Yesterday we had our senior meeting to prep for graduation.
Today, I took my last midterm of my college career.
I signed up for the senior trip and my free ticket for Junior/Senior Banquet (because I'm a senior).
Tomorrow starts my last spring break, possibly ever.
Last week we sat down with the career counselor to talk resumes.
I leave for San Diego in 2 months and 23 days.
I feel like I've missed part of my life. Although days and weeks in my time here at Grace seemed like eternity I would never have traded my time here for anything. In fact, all the things I listed above still seem so surreal. I don't feel like I'm graduating even though my cap and gown are now in my closet and my graduation announcements are coming home with me over break to be mailed out. Life is coming at me full force and I'm digging my heels into the ground. I'm sure I've written about this in other places and in previous times but with the reality of how close everything is and all I have to do in the coming months, my heels are deeper than ever. Don't get me wrong, I'm excited to be graduated and moving on with my life. This has been my dream for a long time. I remember planning out my life as a child and I'm right on track.

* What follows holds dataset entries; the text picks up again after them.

(* It holds that $L_{BA}=\begin{pmatrix} 1/w_{BA} & v_{BA}/w_{BA} \\ v_{BA}/w_{BA} & 1/w_{BA} \end{pmatrix}$.
   Context: The model is a discrete one-dimensional environment populated by stateless automata (''elementary bodies''); each time step an elementary body either moves one coordinate unit in its direction or reverses direction. A body is a finite set of elementary bodies; an inertial body is one with constant spatial velocity and constant proper time velocity. For inertial bodies $A,B$, $O_B$ is the reference frame associated with $B$ (events written as column vectors $\begin{pmatrix} x\\ \tau_B\end{pmatrix}$ of space coordinate and proper time of $B$), in which $B$ has coordinate $x_{BB}\equiv 0$ and proper time velocity $1$. $v_{BA}$ and $w_{BA}$ denote the (constant) spatial velocity and proper time velocity of $B$ in the reference frame $O_A$, so that $x_{BA}(\tau_A)=v_{BA}\tau_A$ and $\tau_{BA}(\tau_A)=w_{BA}\tau_A$ when origins coincide. $L_{BA}:O_B\to O_A$ is the map sending coordinates of an event in $O_B$ to its coordinates in $O_A$; coordinates in different inertial frames are related affinely, the origins of $O_A$ and $O_B$ are assumed to coincide, so $L_{BA}$ is linear with matrix $\begin{pmatrix} a_{11} & a_{12} \\ a_{21} & a_{22} \end{pmatrix}$. Since $\begin{pmatrix} 1\\1\end{pmatrix}$ and $\begin{pmatrix} -1\\1\end{pmatrix}$ are eigenvectors of $L_{BA}$ (standard configuration), $a_{11}=a_{22}$ and $a_{12}=a_{21}$. *)

From HB Require Import structures.
From mathcomp Require Import all_boot all_order all_algebra.
Set Implicit Arguments. Unset Strict Implicit. Unset Printing Implicit Defensive.
Import Order.TTheory GRing.Theory Num.Theory.
Local Open Scope ring_scope.

(* An event in a reference frame: column vector (x, tau)^T;
   row index 0 = space coordinate, row index 1 = proper time. *)
Definition event {R : pzRingType} (x t : R) : 'cV[R]_2 :=
  \col_(i < 2) (if i == 0 then x else t).

Definition mx2 {R : pzRingType} (a b c d : R) : 'M[R]_2 :=
  \matrix_(i < 2, j < 2)
     (if i == 0 then (if j == 0 then a else b) else (if j == 0 then c else d)).

From HB Require Import structures.
From mathcomp Require Import all_boot all_order all_algebra.
From mathcomp Require Import lra ring.
Set Implicit Arguments.
Unset Strict Implicit.
Unset Printing Implicit Defensive.

Import Order.TTheory GRing.Theory Num.Theory.
Local Open Scope ring_scope.

(* The eigenvector conditions on the light-like vectors (1,1) and (-1,1) force
   L = ( a b ; b a ).  Feeding the worldline of B, i.e. the O_B event
   (0, w_BA), into such a matrix yields (b w_BA, a w_BA) = (v_BA, 1). *)

Lemma event_inj (R : pzRingType) (x t x' t' : R) :
  event x t = event x' t' -> x = x' /\ t = t'.
Proof.
move=> e; have := congr1 (fun M : 'cV[R]_2 => M 0 0) e.
have := congr1 (fun M : 'cV[R]_2 => M 1 0) e.
by rewrite /event !mxE.
Qed.

Lemma scale_event (R : pzRingType) (a x t : R) :
  a *: event x t = event (a * x) (a * t).
Proof. by apply/matrixP => i j; rewrite !mxE; case: ifP. Qed.

Lemma mx2_entries (R : pzRingType) (L : 'M[R]_2) :
  L = mx2 (L 0 0) (L 0 1) (L 1 0) (L 1 1).
Proof.
apply/matrixP => i j; rewrite mxE.
by case: i => [[|[|//]] Hi]; case: j => [[|[|//]] Hj]; congr (L _ _); apply: val_inj.
Qed.

Lemma mulmx_mx2_event (R : pzRingType) (a b c d x t : R) :
  mx2 a b c d *m event x t = event (a * x + b * t) (c * x + d * t).
Proof.
apply/matrixP => i j; rewrite !mxE !big_ord_recl big_ord0 addr0 !mxE /=.
by case: ifP.
Qed.

Lemma light_cone_eigen_mx2 (R : realDomainType) (a b c d : R) :
  (exists lam : R, mx2 a b c d *m event 1 1 = lam *: event 1 1) ->
  (exists mu : R, mx2 a b c d *m event (-1) 1 = mu *: event (-1) 1) ->
  c = b /\ d = a.
Proof.
case=> lam; rewrite mulmx_mx2_event scale_event => /event_inj[e1 e2].
case=> mu; rewrite mulmx_mx2_event scale_event => /event_inj[e3 e4].
rewrite !mulr1 !mulrN1 in e1 e2 e3 e4.
have sum_eq : a + b = c + d by rewrite e1 e2.
have diff_eq : - a + b = - (- c + d) by rewrite e3 e4.
by split; lra.
Qed.

Lemma mx2_worldline (R : fieldType) (a b v w : R) : w != 0 ->
  mx2 a b b a *m event 0 w = event v 1 ->
  mx2 a b b a = mx2 (1 / w) (v / w) (v / w) (1 / w).
Proof.
move=> w0; rewrite mulmx_mx2_event !mulr0 !add0r => /event_inj[hv ha].
have -> : a = 1 / w by rewrite -ha; field.
by have -> : b = v / w by rewrite -hv; field.
Qed.

Theorem theorem2 (R : realFieldType) (L : 'M[R]_2) (v w : R)
  (hw : 0 < w)
  (heig1 : exists lam : R, L *m event 1 1 = lam *: event 1 1)
  (heig2 : exists mu : R, L *m event (-1) 1 = mu *: event (-1) 1)
  (hB : forall tA : R, L *m event 0 (w * tA) = event (v * tA) tA) :
  L = mx2 (1 / w) (v / w) (v / w) (1 / w).
Proof.
rewrite (mx2_entries L) in heig1 heig2 hB *.
have [hc hd] := light_cone_eigen_mx2 heig1 heig2.
rewrite hc hd in hB *.
have := hB 1; rewrite !mulr1.
exact: mx2_worldline (lt0r_neq0 hw).
Qed.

God has been so incredibly good to me throughout all my stages of life. Sure there have been times when I felt so out of my element and so helpless but God has been in control of every single one of those days and times and and I have never left the center of His will. I am so incredibly thankful for all He has blessed me with especially all the stuff I'm encountering in the next months with my surgeries, graduation, San Diego. I hope to spend time over break where I can just meditate in my thankfulness and joy.
All this to say, it kinda hasn't quite hit me that all this is happening so soon.